There is such a thing as centrifugal

force, but it's a

misnomer;
the

phenomenon isn't a force at all. Rather, it's a

mathematical

fudge factor introduced by

physicists when they want to use

Newton's laws of

motion in a rotating, non-inertial

reference
frame. Newtonian

mechanics is only valid in frames of reference that
are either

stationary or moving with constant

velocity (according
to

relativity theory, there's no difference between the two anyway).
Imagine a

marble on a rotating platform on a table. In attempting to
describe this situation, one traditionally chooses a coordinate

axis
attached to the table, which is not accellerating, and compares the
marble's

movement-resisting

inertia with the

centripetal force of

friction between the marble and the platform to determine where the
marble will go. Unfortunately, this can be conceptually difficult. The
alternative, often discouraged in introductory

physics courses but
allowed later on, is to choose a coordinate

axis rotating relative to
the table, and attached to the platform. Newton's classic

equations

*will not work* in this reference frame because it is
accellerating, but they can be

*made to work* by treating it as if
it weren't.
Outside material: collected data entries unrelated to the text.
(* Let $S$ be a finite set of polyhedra in $\mathbb{R}^3$ and let $\Pi$ be the (finite) set of planes containing faces of polyhedra in $S$. For each $R\in\Pi$, the lines $R\cap R'$, for $R'\in\Pi$ not parallel to $R$, subdivide $R$; call the connected components of the complement in $R$ of the union of these lines the cells of $R$ (these are open convex subsets of $R$, some bounded and some unbounded). Then there exists $\varepsilon>0$ with the following property. Let $M$ be any finite set of point-plane markers such that each $(p,R)\in M$ has $p$ on a face $F$ of a polyhedron of $S$ with $R$ the plane of $F$, and such that for every face $F$ and every point $x\in F$ there is a marker $(p,R)\in M$ with $p\in F$, $R$ the plane of $F$, and $|x-p|<\varepsilon$. Then the set of planes $\{R:(p,R)\in M\}$ equals $\Pi$, and the union of all faces of all polyhedra of $S$ equals the union of the closures of those bounded cells $C$ of planes $R\in\Pi$ for which there is a marker $(p,R)\in M$ with $p\in C$. In particular the scene is unambiguously reconstructed from the marker data.
   Context: A polygon is a closed, connected, two-dimensional region of a plane whose boundary consists of finitely many segments (edges) with endpoints (vertices), each vertex being an endpoint of two edges and two edges meeting only in a vertex. A polyhedron is a closed, connected, three-dimensional region of $\mathbb{R}^3$ whose boundary consists of finitely many polygons (faces) such that every edge of every face is shared with exactly one other face, two faces intersect only in shared edges or vertices, and the faces sharing a vertex can be cyclically ordered so that consecutive faces share an edge. Faces are taken to be maximal: the closures of the connected components of the set of points of $\partial P$ having a neighbourhood in $\partial P$ contained in a single plane. A point-plane marker is a pair $(p,R)$ with $R$ a plane in $\mathbb{R}^3$ and $p\in R$. *)

From Stdlib Require Import Reals List Arith.
Import ListNotations.
Open Scope R_scope.
(* Let $A$ be a local ring with residue field $k$, let $r\ge1$, and let $\phi_1,\ldots,\phi_m:A\to F$ be ring homomorphisms into a field $F$ such that $\prod_{i=1}^m\phi_i(u^r)=1$ for all $u\in A^\times$. Then $k$ is a finite field with $p^f$ elements and $mr=(p-1)t$ for some integer $t\ge f$; in particular $(p-1)f\le mr$. *)

From HB Require Import structures.
From mathcomp Require Import all_boot all_order all_algebra.
Set Implicit Arguments. Unset Strict Implicit. Unset Printing Implicit Defensive.
Import Order.TTheory GRing.Theory Num.Theory.
Local Open Scope ring_scope.

(* A (commutative, nontrivial) ring A is local iff its non-units form an
   ideal, i.e. the sum of two non-units is a non-unit (the unique maximal
   ideal is then the set of non-units). Nontriviality (1 != 0) is built
   into comUnitRingType. *)
Definition local_ring (A : comUnitRingType) : Prop :=
  forall x y : A, x \isn't a GRing.unit -> y \isn't a GRing.unit ->
    x + y \isn't a GRing.unit.

(* For a local ring A with maximal ideal M (= the non-units), the residue
   field k = A/M has exactly N elements: there is a complete system of N
   pairwise incongruent representatives modulo M. *)
Definition residue_field_card (A : comUnitRingType) (N : nat) : Prop :=
  exists s : seq A,
    [/\ size s = N,
        (forall i j : nat, (i < N)%N -> (j < N)%N ->
            s`_i - s`_j \isn't a GRing.unit -> i = j)
      & (forall a : A, exists2 i : nat, (i < N)%N & a - s`_i \isn't a GRing.unit)].
Lemma S_E k R mu : S k R mu = (1 + ak k) * sg k (R (sw k mu)) - ak k * R mu.
Proof.
rewrite /S /act /sop big_cons big_seq1 /act_term /= substK_id mulNr; congr (_ - _ * R _).
by apply/ffunP => m; rewrite !ffunE perm1 subr0.
Qed.

Lemma sg_involutive k : involutive (sg k).
Proof.
move=> x; rewrite substK_comp -[RHS]substK_id.
have -> : (tk k * tk k)%g = 1%g by apply/permP => m; rewrite permM tpermK perm1.
congr (substK _ _ x).
by apply/ffunP => m; rewrite !ffunE addr0.
Qed.

Lemma sw_involutive k : involutive (sw k).
Proof. by move=> mu; apply/ffunP => m; rewrite !ffunE tpermK !subr0. Qed.

Lemma sg_w k (j : 'I_N) : sg k (w j) = w (tk k j).
Proof. exact: substK_w0. Qed.

Lemma sg_ak k : sg k (ak k) = - ak k.
Proof.
rewrite rmorphM fmorphV rmorphB /= !sg_w substK_tt tk_ik tk_jk.
by rewrite -opprB invrN mulrN.
Qed.

Lemma S_involutive k R : S k (S k R) = R.
Proof.
have sgE (a x y : Kf) : sg k ((1 + a) * x - a * y) = (1 + sg k a) * sg k x - sg k a * sg k y.
  by rewrite rmorphB !rmorphM rmorphD rmorph1.
apply: functional_extensionality => mu.
by rewrite !S_E sw_involutive sgE sg_involutive sg_ak; ring.
Qed.

Lemma S_mulw k R mu : (k < n)%N ->
  S k (fun nu => w (jk k) * R nu) mu = w (ik k) * S k R mu + tt_ * R mu.
Proof.
move=> kn; rewrite !S_E rmorphM /= sg_w tk_jk.
have <- : ak k * (w (ik k) - w (jk k)) = tt_ by rewrite divfK // w_subr_neq0 ?ik_neq_jk.
ring.
Qed.

Lemma S_scale k c R mu : sg k c = c -> S k (fun nu => c * R nu) mu = c * S k R mu.
Proof. by move=> cE; rewrite !S_E rmorphM /= cE; ring. Qed.

Lemma S_delta0 k : S k (delta wt0) = delta wt0.
Proof.
apply: functional_extensionality => mu; rewrite S_E.
have -> : delta wt0 (sw k mu) = delta wt0 mu.
  have sw0 : sw k wt0 = wt0 by apply/ffunP => m; rewrite !ffunE subr0.
  rewrite /delta; congr (if _ then _ else _); apply/eqP/eqP => [mu0|->//].
  by rewrite -[mu](sw_involutive k) mu0.
by rewrite /delta; case: (mu == wt0); rewrite ?rmorph1 ?rmorph0 /=; ring.
Qed.

End DemazureLusztig.
Lemma ipZl a x y : ip (a *: x) y = a * ip x y.
Proof. by rewrite ipC ipZr ipC. Qed.

Lemma ipNr x y : ip x (- y) = - ip x y.
Proof. by rewrite -scaleN1r ipZr mulN1r. Qed.

Lemma ipNl x y : ip (- x) y = - ip x y.
Proof. by rewrite -scaleN1r ipZl mulN1r. Qed.

Lemma ipBr x y z : ip x (y - z) = ip x y - ip x z.
Proof. by rewrite ipDr ipNr. Qed.

Lemma ipBl x y z : ip (x - y) z = ip x z - ip y z.
Proof. by rewrite ipDl ipNl. Qed.

Lemma ip0l x : ip 0 x = 0.
Proof. by rewrite /ip linear0 mul0mx mxE. Qed.

Lemma ip_trmx A x y : ip x (A *m y) = ip (A^T *m x) y.
Proof. by rewrite /ip trmx_mul trmxK mulmxA. Qed.

Lemma ip_gt0 x : x != 0 -> 0 < ip x x.
Proof.
move=> x_neq0; have xi2_ge0 i : 0 <= x i ord0 * x i ord0 by rewrite -expr2 sqr_ge0.
rewrite lt_neqAle eq_sym ipE sumr_ge0 // andbT; apply: contra x_neq0.
move=> /eqP/psumr_eq0P x2_eq0; apply/eqP/matrixP => i j.
by rewrite (ord1 j) !mxE; apply/eqP; rewrite -sqrf_eq0 expr2 x2_eq0.
Qed.

Lemma norm2Z t x : 0 <= t -> norm2 (t *: x) = t * norm2 x.
Proof.
move=> t_ge0; rewrite /norm2 ipZl ipZr mulrA -expr2 sqrtrM ?sqr_ge0 //.
by rewrite sqrtr_sqr ger0_norm.
Qed.

Lemma ipV_sym A x y : A^T = A -> ipV A x y = ipV A y x.
Proof. by move=> symA; rewrite /ipV ip_trmx symA ipC. Qed.

Lemma sqnormV_ge0 A x : spd A -> 0 <= sqnormV A x.
Proof.
case=> _ posA; have [->|/posA/ltW //] := eqVneq x 0.
by rewrite /sqnormV /ipV ip0l.
Qed.

Lemma sqnormVD A x y : A^T = A ->
  sqnormV A (x + y) = sqnormV A x + 2 * ipV A x y + sqnormV A y.
Proof.
move=> symA; have := ipV_sym y x symA.
by rewrite /sqnormV /ipV mulmxDr !ipDl !ipDr => ->; ring.
Qed.

Lemma sqnormV_subZ A e d t : A^T = A ->
  sqnormV A (e - t *: d) = sqnormV A e - 2 * t * ipV A d e + t ^+ 2 * sqnormV A d.
Proof.
move=> symA; have := ipV_sym d e symA.
rewrite sqnormVD // /sqnormV /ipV -scaleNr -scalemxAr ipZl !ipZr => ->; ring.
Qed.

Lemma sqnormV_subr A B x : sqnormV (A - B) x = sqnormV A x - sqnormV B x.
Proof. by rewrite /sqnormV /ipV mulmxBl ipBr. Qed.

Lemma sqnormV_rank1 u x : sqnormV (u *m u^T) x = ip u x ^+ 2.
Proof.
rewrite /sqnormV /ipV -mulmxA [u^T *m x]mx11_scalar mul_mx_scalar ipZr.
by rewrite -/(ip u x) ipC expr2.
Qed.

Lemma spd_unitmx A : spd A -> A \in unitmx.
Proof.
case=> _ posA; rewrite unitmxE unitfE; apply/negP => /det0P [v v_neq0 vA0].
have vT_neq0 : v^T != 0.
  by apply: contra v_neq0 => /eqP/(congr1 trmx); rewrite trmxK linear0 => ->.
by move: (posA _ vT_neq0); rewrite ip_trmx -trmx_mul vA0 linear0 ip0l ltxx.
Qed.

Lemma sqnormV_line_argmin A e d : A^T = A -> 0 < sqnormV A d ->
  sqnormV A (e - (ipV A d e / sqnormV A d) *: d)
  = sqnormV A e - ipV A d e ^+ 2 / sqnormV A d.
Proof. by move=> symA Apos; rewrite sqnormV_subZ //; field; rewrite gt_eqF. Qed.
Lemma eq_integral_pushforward d dV (T : measurableType d) (V : measurableType dV)
    (R : realType) (mu : {measure set T -> \bar R}) (F1 F2 : T -> V) :
  measurable_fun setT F1 -> measurable_fun setT F2 ->
  (forall A, measurable A -> mu (F1 @^-1` A) = mu (F2 @^-1` A)) ->
  forall f : V -> \bar R, (forall y, (0 <= f y)%E) -> measurable_fun setT f ->
  (\int[mu]_x f (F1 x) = \int[mu]_x f (F2 x))%E.
Proof.
move=> mF1 mF2 eqF f f0 mf.
have <- := ge0_integral_pushforward mF1 mu measurableT mf (fun y _ => f0 y).
have <- := ge0_integral_pushforward mF2 mu measurableT mf (fun y _ => f0 y).
by apply: eq_measure_integral => A mA _; exact: eqF.
Qed.

Lemma integral_indep_event_indic d dV (T : measurableType d) (V : measurableType dV)
    (R : realType) (Pr : probability T R) (P : {measure set V -> \bar R})
    (Z : T -> V) (E : set T) :
  measurable_fun setT Z -> measurable E ->
  (forall C, measurable C -> Pr (Z @^-1` C `&` E) = (P C * Pr E)%E) ->
  forall f : V -> \bar R, (forall y, (0 <= f y)%E) -> measurable_fun setT f ->
  (\int[Pr]_x (f (Z x) * (\1_E x)%:E) = Pr E * \int[P]_y f y)%E.
Proof.
move=> mZ mE indepZE f f0 mf.
have PrE_ge0 : (0 <= fine (Pr E))%R by apply: fine_ge0.
have finPrE : Pr E \is a fin_num by exact: fin_num_measure.
have mE1 : measurable_fun setT (\1_E : T -> R) by exact: measurable_indic.
have E1_ge0 x : (0 <= \1_E x :> R)%R by rewrite indicE; case: (_ \in _).
rewrite (integral_density Pr mE1 E1_ge0); last 2 first.
- by move=> x; exact: f0.
- exact: measurableT_comp mf mZ.
(* Under the measure with density 1_E, Z has law Pr E * P. *)
have := ge0_integral_pushforward mZ
  (density_measure Pr mE1 E1_ge0) measurableT mf (fun y _ => f0 y).
rewrite preimage_setT => <-.
rewrite [LHS](eq_measure_integral (mscale (NngNum PrE_ge0) P)); last first.
  move=> C mC _.
  transitivity (density_measure Pr mE1 E1_ge0 (Z @^-1` C)); first by [].
  rewrite density_measureE integral_indic //; last exact: measurable_preimage.
  rewrite setIC; apply: eq_trans (indepZE _ mC) _.
  by transitivity ((fine (Pr E))%:E * P C)%E; first rewrite fineK // muleC.
by rewrite ge0_integral_mscale //= fineK.
Qed.

Lemma integral_indep_event d dV (T : measurableType d) (V : measurableType dV)
    (R : realType) (Pr : probability T R) (P : {measure set V -> \bar R})
    (Z : T -> V) (E : set T) (B : set V) :
  measurable_fun setT Z -> measurable E -> measurable B ->
  (forall C, measurable C -> Pr (Z @^-1` C `&` E) = (P C * Pr E)%E) ->
  forall f : V -> \bar R, (forall y, (0 <= f y)%E) -> measurable_fun setT f ->
  (\int[Pr]_(x in Z @^-1` B `&` E) f (Z x) = Pr E * \int[P]_(y in B) f y)%E.
Proof.
move=> mZ mE mB indepZE f f0 mf.
rewrite [LHS]integral_mkcond [in RHS]integral_mkcond.
rewrite -(integral_indep_event_indic mZ mE indepZE); last 2 first.
- exact: erestrict_ge0 (fun y _ => f0 y).
- by apply/(measurable_restrictT _ mB); exact: measurable_funTS.
apply: eq_integral => x _; rewrite /patch indicE in_setI.
by case: (x \in E); rewrite ?andbT ?andbF ?mule1 ?mule0.
Qed.

Section measurable_inv.
Import numFieldNormedType.Exports.

Lemma measurable_inv (R : realType) : measurable_fun setT (@GRing.inv R).
Proof.
have m0 : measurable [set (0 : R)] by exact: measurable_set1.
rewrite -(setUv [set (0 : R)]); apply/measurable_funU => //; first exact: measurableC.
split.
  move=> _ B mB; have [B0|B0] := pselect (B 0^-1).
    by rewrite (_ : _ `&` _ = [set 0]) //; apply/seteqP; split => x /= [->].
  by rewrite (_ : _ `&` _ = set0) //; apply/seteqP; split => x //= [->].
apply: open_continuous_measurable_fun; first by rewrite openC; exact: closed_eq.
by move=> x /set_mem /eqP x0; exact: inv_continuous.
Qed.

End measurable_inv.

Lemma measurable_funV d (T : measurableType d) (R : realType) (f : T -> R) :
  measurable_fun setT f -> measurable_fun setT (fun x => (f x)^-1).
Proof. by move=> mf; apply: measurableT_comp mf; exact: measurable_inv. Qed.

Section tuple_rectangles.
Context d (T : measurableType d) (k : nat).

Definition rect (A : 'I_k -> set T) : set (k.-tuple T) :=
  [set z | forall i, A i (tnth z i)].

Definition rects : set (set (k.-tuple T)) :=
  [set rect A | A in [set A | forall i, measurable (A i)]].

Lemma rect_measurable A : (forall i, measurable (A i)) -> measurable (rect A).
Proof.
move=> mA; have -> : rect A = \bigcap_(i in setT) ((@tnth k T)^~ i @^-1` A i).
  by apply/seteqP; split => z /= Az i; [move=> _|]; apply: Az.
apply: fin_bigcap_measurable => // i _.
by rewrite -[X in measurable X]setTI; exact: measurable_tnth.
Qed.

Lemma tuple_measurable_rects : @measurable _ (k.-tuple T) = <<s rects >>.
Proof.
apply/seteqP; split; last first.
  apply: smallest_sub; first exact: sigma_algebra_measurable.
  by move=> _ [A mA <-]; exact: rect_measurable.
apply: smallest_sub; first exact: smallest_sigma_algebra.
move=> C; rewrite -bigcup_seq /= => -[i _ [B mB <-]]; apply: sub_sigma_algebra.
exists (fun j => if j == i then B else setT); first by move=> j /=; case: eqP.
apply/seteqP; split => z /=; first by move=> Bz; split => //; have := Bz i; rewrite eqxx.
by move=> [_ Bz] j; case: eqP => // ->.
Qed.

Lemma tuple_measure_unique (R : realType) (m1 m2 : {measure set (k.-tuple T) -> \bar R}) :
  (forall A, (forall i, measurable (A i)) -> m1 (rect A) = m2 (rect A)) ->
  (m1 setT < +oo)%E -> forall B, measurable B -> m1 B = m2 B.
Proof.
move=> m12 m1_fin B mB.
have rectT : rect (fun=> setT) = setT by apply/seteqP; split.
apply: (measure_unique rects (fun=> setT)) => //.
- exact: tuple_measurable_rects.
- move=> _ _ [A mA <-] [C mC <-]; exists (fun i => A i `&` C i).
    by move=> i; exact: measurableI.
  apply/seteqP; split => z /=; first by move=> ACz; split => i; case: (ACz i).
  by move=> [Az Cz] i; split; [exact: Az|exact: Cz].
- by move=> _; exists (fun=> setT); rewrite //= rectT.
- by rewrite bigcup_const.
- by move=> _ [A mA <-]; exact: m12.
Qed.

Definition permute_tuple (p : 'S_k) (z : k.-tuple T) : k.-tuple T :=
  [tuple tnth z (p i) | i < k].

Lemma tnth_permute_tuple p z i : tnth (permute_tuple p z) i = tnth z (p i).
Proof. exact: tnth_mktuple. Qed.

Lemma measurable_permute_tuple p : measurable_fun setT (permute_tuple p).
Proof.
apply/measurable_fun_tnthP => i.
rewrite (_ : _ \o _ = (@tnth _ T)^~ (p i)); first exact: measurable_tnth.
by apply/funext => z /=; rewrite tnth_permute_tuple.
Qed.

Lemma permute_tuple_preimage_rect p A :
  permute_tuple p @^-1` rect A = rect (fun i => A ((p^-1)%g i)).
Proof.
apply/seteqP; split => z /= Az i.
  by have := Az ((p^-1)%g i); rewrite tnth_permute_tuple permKV.
by rewrite tnth_permute_tuple; have := Az (p i); rewrite permK.
Qed.

End tuple_rectangles.

Definition data_tuple (T : Type) (n : nat) (zc : 'I_n -> T) (zt : T) : (n.+1).-tuple T :=
  [tuple of zt :: [tuple zc i | i < n]].

Lemma tnth_data_tuple0 T n (zc : 'I_n -> T) zt : tnth (data_tuple zc zt) ord0 = zt.
Proof. by []. Qed.

Lemma tnth_data_tupleS T n (zc : 'I_n -> T) zt i :
  tnth (data_tuple zc zt) (lift ord0 i) = zc i.
Proof. by rewrite tnthS tnth_mktuple. Qed.

Section oracle_threshold.
Context {R : realType} {d1 d2 : measure_display}
  {X : measurableType d1} {Y : measurableType d2}.
Variables (w s : X -> R) (loss : X -> Y -> R) (gamma : R) (n : nat).
Hypotheses (w_gt0 : forall x, 0 < w x) (loss01 : forall x y, 0 <= loss x y <= 1).

Local Notation T := (X * Y)%type.
Implicit Types z : (n.+1).-tuple T.

(* The test point sits at index 0; [selected k z] means s_k <= T (see [selectedE])
   and [share k z] is h_k, which is 0 when no risk is selected since [x / 0 = 0]. *)
Definition weight k z := w (tnth z k).1.
Definition risk k z := loss (tnth z k).1 (tnth z k).2.
Definition score k z := s (tnth z k).1.

Definition total_weight z := \sum_(k < n.+1) weight k z.
Definition weighted_risk_below (t : \bar R) z :=
  \sum_(k < n.+1) weight k z * risk k z * ((score k z)%:E <= t)%E%:R.
Definition selected k z : bool :=
  weighted_risk_below (score k z)%:E z <= gamma * total_weight z.
Definition selected_risk z :=
  \sum_(k < n.+1) weight k z * risk k z * (selected k z)%:R.
Definition share k z := risk k z * (selected k z)%:R / selected_risk z.

Lemma weight_ge0 k z : 0 <= weight k z.
Proof. exact/ltW/w_gt0. Qed.

Lemma risk_ge0 k z : 0 <= risk k z.
Proof. by case/andP: (loss01 (tnth z k).1 (tnth z k).2). Qed.

Lemma total_weight_gt0 z : 0 < total_weight z.
Proof.
by rewrite /total_weight big_ord_recl ltr_wpDr ?w_gt0 ?sumr_ge0 // => i _; exact: weight_ge0.
Qed.

Lemma selected_risk_ge0 z : 0 <= selected_risk z.
Proof.
by apply: sumr_ge0 => k _; rewrite !mulr_ge0 ?ler0n ?weight_ge0 ?risk_ge0.
Qed.

Lemma share_ge0 k z : 0 <= share k z.
Proof. by rewrite !mulr_ge0 ?ler0n ?risk_ge0 ?invr_ge0 ?selected_risk_ge0. Qed.

Lemma sum_weight_share z : \sum_(k < n.+1) weight k z * share k z <= 1.
Proof.
have -> : \sum_(k < n.+1) weight k z * share k z = selected_risk z / selected_risk z.
  by rewrite /selected_risk mulr_suml; apply: eq_bigr => k _; rewrite !mulrA.
by have [->|D0] := eqVneq (selected_risk z) 0; rewrite ?mul0r ?divff.
Qed.

Lemma le_weighted_risk_below z t t' :
  (t <= t')%E -> weighted_risk_below t z <= weighted_risk_below t' z.
Proof.
move=> tt'; apply: ler_sum => k _; apply: ler_wpM2l.
  by rewrite mulr_ge0 ?weight_ge0 ?risk_ge0.
have [/le_trans/(_ tt') ->|_] := boolP ((score k z)%:E <= t)%E; first by [].
by rewrite ler0n.
Qed.

Section permutation.
Variable p : 'S_n.+1.

Let sum_perm (F : 'I_n.+1 -> R) : \sum_(k < n.+1) F (p k) = \sum_(k < n.+1) F k.
Proof. by rewrite [RHS](reindex_inj (@perm_inj _ p)). Qed.

Lemma share_permute_tuple k z : share k (permute_tuple p z) = share (p k) z.
Proof.
have tot : total_weight (permute_tuple p z) = total_weight z.
  rewrite /total_weight -(sum_perm (weight^~ z)); apply: eq_bigr => i _.
  by rewrite /weight tnth_permute_tuple.
have sel i : selected i (permute_tuple p z) = selected (p i) z.
  rewrite /selected tot /weighted_risk_below; congr (_ <= _).
  rewrite -[RHS]sum_perm; apply: eq_bigr => m _.
  by rewrite /weight /risk /score !tnth_permute_tuple.
rewrite /share /selected_risk sel /risk tnth_permute_tuple; congr (_ / _).
rewrite -[RHS]sum_perm; apply: eq_bigr => i _.
by rewrite sel /weight /risk tnth_permute_tuple.
Qed.

End permutation.

Variables (zc : 'I_n -> X * Y) (zt : X * Y).

Local Notation tz := (data_tuple zc zt).
Local Notation L := (loss zt.1 zt.2).

Lemma wsumE : wsum w zc zt = total_weight tz.
Proof.
rewrite /total_weight big_ord_recl /wsum addrC; congr (_ + _).
by apply: eq_bigr => i _; rewrite /weight tnth_data_tupleS.
Qed.

Lemma numerE t : numer w s loss zc zt t L = weighted_risk_below t tz.
Proof.
rewrite /numer /weighted_risk_below big_ord_recl [RHS]addrC; congr (_ + _).
  apply: eq_bigr => i _; rewrite /weight /risk /score tnth_data_tupleS /wc /Lc /ind.
  by case: ifP.
by rewrite /weight /risk /score tnth_data_tuple0 /wt /ind; case: ifP.
Qed.

Lemma MsetE t : Mset s zc zt t <-> exists k, t = score k tz.
Proof.
split=> [[[i _ <-]|->]|[k ->]]; first by exists (lift ord0 i); rewrite /score tnth_data_tupleS.
  by exists ord0.
case: (unliftP ord0 k) => [i ->|->]; last by right.
by left; exists i => //; rewrite /score tnth_data_tupleS.
Qed.

Lemma FwE t : (Fw w s loss zc zt t%:E L <= gamma) =
  (weighted_risk_below t%:E tz <= gamma * total_weight tz).
Proof. by rewrite /Fw numerE wsumE ler_pdivrMr //; exact: total_weight_gt0. Qed.

(* The selected scores are downward closed, so [t_gamma] is the largest of them. *)
Lemma selectedE k : ((score k tz)%:E <= t_gamma w s loss gamma zc zt L)%E = selected k tz.
Proof.
apply/idP/idP => [le_kt|selk]; last first.
  apply: ereal_sup_ubound; exists (score k tz) => //; split; first by apply/MsetE; exists k.
  by rewrite FwE.
apply/negPn/negP => /negP nselk.
pose b := \big[Order.max/(score k tz - 1)]_(m | selected m tz) score m tz.
have lt_bk : b < score k tz.
  apply: bigmax_lt; first by rewrite ltrBlDr ltrDl ltr01.
  move=> m selm; rewrite ltNge; apply/negP => le_km; apply: nselk.
  by apply: le_trans selm; apply: le_weighted_risk_below; rewrite lee_fin.
have le_tb : (t_gamma w s loss gamma zc zt L <= b%:E)%E.
  apply/ereal_supP => _ [t [Mt Ft] <-]; rewrite lee_fin.
  have [m tm] := (MsetE t).1 Mt; rewrite tm FwE in Ft.
  by rewrite tm; apply: le_bigmax_cond; exact: Ft.
by have := le_trans le_kt le_tb; rewrite lee_fin leNgt lt_bk.
Qed.

Lemma selected_riskE :
  numer w s loss zc zt (t_gamma w s loss gamma zc zt L) L = selected_risk tz.
Proof. by rewrite numerE; apply: eq_bigr => k _; rewrite selectedE. Qed.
To do this we have to introducing a

virtual
outward-pointing force, the centrifugal force. A

derivation of the
centrifugal force using

vector calculus follows.

F=mA_{i}

Newton's Second Law in an inertial reference frame.
(d/dt)_{i}=(d/dt)_{r}+(w
x r)

Apply this coordinate transformation...

V_{i}=V_{r}+(w x r)

...to the radius vector.

(d/dt)_{i}=(d/dt)_{r}+(w
x r)

And again...

A_{i}=A_{r}+2(w x
V_{r})+(w x (w x r))

...to the velocity vector.

F_{i}-2m(w x V_{r})-m(w x
(w x r))=mA_{r}

Substitute into the initial Second Law equation...

F_{eff}=F_{i}-2m(w x
V_{r})-m(w x (w x r))

...and get the effective force.

The third term on the right, **-m(w x (w x r))** is the
**centrifugal force.**

The second term on the right is the icing on the cake. **-2m(w x
V**_{r}) is the **Coriolis force.**